**Stored data**
□ □ □ □ □

Lemma reflected_cdf_is_C1_cdf (F f : R -> R) :
  is_C1_cdf_with_density F f ->
  is_C1_cdf_with_density (reflected_cdf F) (fun x => f (- x)).
Proof.
  intros [HFd [Hfc [Hm Hp]]]; unfold reflected_cdf; split; [|split; [|split]].
  - intro x; auto_derive.
    + eexists; apply HFd.
    + rewrite (Derive_of_is_derive F f HFd); ring.
  - intro x; apply (continuous_comp (fun z => - z) f); [|apply Hfc].
    exact (continuous_opp (fun z : R => z) x (continuous_id x)).
  - replace (Finite 0) with (Finite (1 - 1)) by (f_equal; ring).
    apply is_lim_minus'; [apply is_lim_const | apply (is_lim_comp_opp F), Hp].
  - replace (Finite 1) with (Finite (1 - 0)) by (f_equal; ring).
    apply is_lim_minus'; [apply is_lim_const | apply (is_lim_comp_opp F), Hm].
Qed.

Lemma full_support_reflect (f : R -> R) : full_support f -> full_support (fun x => f (- x)).
Proof. intros Hs x; apply Hs. Qed.

Lemma log_concave_reflect (f : R -> R) : log_concave f -> log_concave (fun x => f (- x)).
Proof.
  intros Hlc x y l Hl.
  replace (- (l * x + (1 - l) * y)) with (l * - x + (1 - l) * - y) by ring.
  apply Hlc, Hl.
Qed.

Lemma V0_eq_V1_reflected (F : R -> R) (rh t : R) :
  V0 F rh t = V1 (reflected_cdf F) (- rh) (- t) (- t).
Proof.
  apply functional_extensionality; intro r; unfold V0, V1, reflected_cdf.
  replace (- (r * - rh)) with (r * rh) by ring; ring.
Qed.

Theorem proposition5 (F f : R -> R)
  (HF : is_C1_cdf_with_density F f)
  (Hsupp : full_support f)
  (Hlc : log_concave f)
  (d1 d0 phi t : R)
  (Hd1 : 0 <= d1 <= 1) (Hd0 : 0 <= d0 <= 1)
  (Hphi : / 2 < phi <= 1)
  (Ht : 0 <= t) :
  (~ is_null d1 d0 phi ->
     forall (gamma : R) (beta : bool),
       strictly_quasiconcave (Vbeta F (rho d1 d0 phi) t gamma beta) /\
       attains_max (Vbeta F (rho d1 d0 phi) t gamma beta)) /\
  (is_null d1 d0 phi ->
     forall gamma r r' : R,
       payoff F (rho d1 d0 phi) t gamma r = payoff F (rho d1 d0 phi) t gamma r').
Proof.
  unfold is_null; split.
  - intros Hrho gamma [|]; unfold Vbeta.
    + exact (V1_strictly_quasiconcave_attains_max F f HF Hsupp Hlc _ t gamma Hrho).
    + rewrite V0_eq_V1_reflected.
      apply (V1_strictly_quasiconcave_attains_max _ (fun x => f (- x))).
      * exact (reflected_cdf_is_C1_cdf F f HF).
      * exact (full_support_reflect f Hsupp).
      * exact (log_concave_reflect f Hlc).
      * intro E; apply Hrho; lra.
  - intros Hrho gamma r r'; unfold payoff, V1, V0.
    rewrite Hrho, !Rmult_0_r.
    destruct (Rle_dec gamma 0); reflexivity.
Qed.
(* Let $\mathcal{A}$ be an order--invariant oblivious streaming algorithm that, for any $\epsilon\in(0,1)$ and $\delta\in(0,1)$, uses $M(\epsilon,\delta)$ space and, on any fixed stream of at most $m$ updates, outputs a correct solution to the $(f,\epsilon)$--estimation problem with probability at least $1-\delta$, where $f$ has range contained in $\{0\}\cup[1,\alpha]$ for an integer $\alpha\ge2$. Then for any $\epsilon\in(0,1)$, any $\delta\in(0,1/10)$ and any $k\ge0$, there is a robust streaming algorithm for the $(f,\epsilon)$--estimation problem in the Bounded--Memory Adversary Model with $k$ bits of persistent memory that succeeds with probability at least $1-\delta$ and uses $M(\epsilon/3,1/10)\cdot O\!\left(2^k\cdot\frac{\log\alpha}{\epsilon}\cdot\log m+\log(1/\delta)\right)$ space.
   Context: Fix $n,m$ and $f:\mathbb{Z}^n\to\{0\}\cup[1,\alpha]$. For $x,y\ge0$, $y$ is a $(1+\epsilon)$--multiplicative approximation to $x$ if $x\le y<(1+\epsilon)x$; the $(f,\epsilon)$--estimation problem on $v\in\mathbb{Z}^n$ asks for such an approximation to $f(v)$. A stream of updates is a sequence $(i_j,\Delta_j)\in[n]\times\{-1,1\}$, accumulating into frequency vectors $v^{(j)}$ with $v^{(j)}_i=\sum_{j'\le j,\,i_{j'}=i}\Delta_{j'}$. An oblivious streaming algorithm is given $\epsilon$ and an upper bound $m$ on the stream length, processes $t\le m$ updates, and then outputs a solution to the $(f,\epsilon)$--estimation problem on $v^{(t)}$. Such an algorithm with random seed $\rho$ is order--invariant if for any two streams $S_1,S_2$ of length at most $m$ accumulating to the same frequency vector, and any seed $\rho$, its memory state after processing $S_1$ equals that after processing $S_2$. Bounded--Memory Adversary Model: a game of $m$ rounds between an Adversary and an Algorithm. The Adversary has a persistent memory of at most $k$ bits (read/write, retained across rounds), a read-only estimate memory containing the most recent estimate $y_{j-1}$ (empty in round 1), an unbounded working memory erased after each round, and fresh random bits each round that are discarded afterwards. In round $j$ the Adversary computes $(i_j,\Delta_j)$ as a function only of the fresh randomness, the persistent memory and the estimate memory (and may rewrite the persistent memory); the Algorithm receives the update and outputs $y_j$, which overwrites the estimate memory. The Algorithm succeeds if for every $j\in[m]$, $y_j$ is a $(1+\epsilon)$--multiplicative approximation to $f(v^{(j)})$. *)

From HB Require Import structures.
From mathcomp Require Import all_boot all_order all_algebra.
From mathcomp Require Import all_classical all_reals all_analysis.

Import Order.TTheory GRing.Theory Num.Theory.
Local Open Scope ring_scope.

(* An update (i, Delta) in [n] x {-1,+1}; the boolean encodes the sign. *)
Notation update n := ('I_n * bool)%type.

Definition sgn (b : bool) : int := if b then 1 else -1.

Definition freq (n : nat) (s : seq (update n)) : {ffun 'I_n -> int} :=
  [ffun i => \sum_(u <- s | u.1 == i) sgn u.2].
Arguments freq {n} s.

Definition approx (R : realType) (eps x y : R) : bool :=
  (x <= y) && (y < (1 + eps) * x).
Arguments approx {R} eps x y.

Definition is_dist (R : realType) (T : finType) (p : T -> R) : Prop :=
  (forall t, 0 <= p t) /\ \sum_(t : T) p t = 1.
Arguments is_dist {R T} p.

(* A randomized streaming algorithm: a random seed drawn from [seed_dist],
   a memory state (the space used is the number of bits of the state type),
   deterministic given the seed. *)
Record salg (R : realType) (n : nat) := SAlg {
  seed : finType;
  state : finType;
  seed_dist : seed -> R;
  init : seed -> state;
  step : seed -> state -> update n -> state;
  output : seed -> state -> R }.

Arguments SAlg {R n}.
Arguments seed {R n}.
Arguments state {R n}.
Arguments seed_dist {R n}.
Arguments init {R n}.
Arguments step {R n}.
Arguments output {R n}.

Definition run (R : realType) (n : nat) (A : salg R n) (r : seed A)
  (s : seq (update n)) : state A := foldl (step A r) (init A r) s.
Arguments run {R n} A r s.

Definition uses_space (R : realType) (n : nat) (A : salg R n) (S : nat) : Prop :=
  (#|{: state A}| <= 2 ^ S)%N.
Arguments uses_space {R n} A S.

Definition prob (R : realType) (n : nat) (A : salg R n) (P : pred (seed A)) : R :=
  \sum_(r | P r) seed_dist A r.
Arguments prob {R n} A P.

□ □ □ □ □

Transcribe the records above from the line holding "(Hsupp : full_support f)" down to the line holding "- intros Hrho gamma [|]; unfold Vbeta.", inclusive, without adding anything.

  (Hsupp : full_support f)
  (Hlc : log_concave f)
  (d1 d0 phi t : R)
  (Hd1 : 0 <= d1 <= 1) (Hd0 : 0 <= d0 <= 1)
  (Hphi : / 2 < phi <= 1)
  (Ht : 0 <= t) :
  (~ is_null d1 d0 phi ->
     forall (gamma : R) (beta : bool),
       strictly_quasiconcave (Vbeta F (rho d1 d0 phi) t gamma beta) /\
       attains_max (Vbeta F (rho d1 d0 phi) t gamma beta)) /\
  (is_null d1 d0 phi ->
     forall gamma r r' : R,
       payoff F (rho d1 d0 phi) t gamma r = payoff F (rho d1 d0 phi) t gamma r').
Proof.
  unfold is_null; split.
  - intros Hrho gamma [|]; unfold Vbeta.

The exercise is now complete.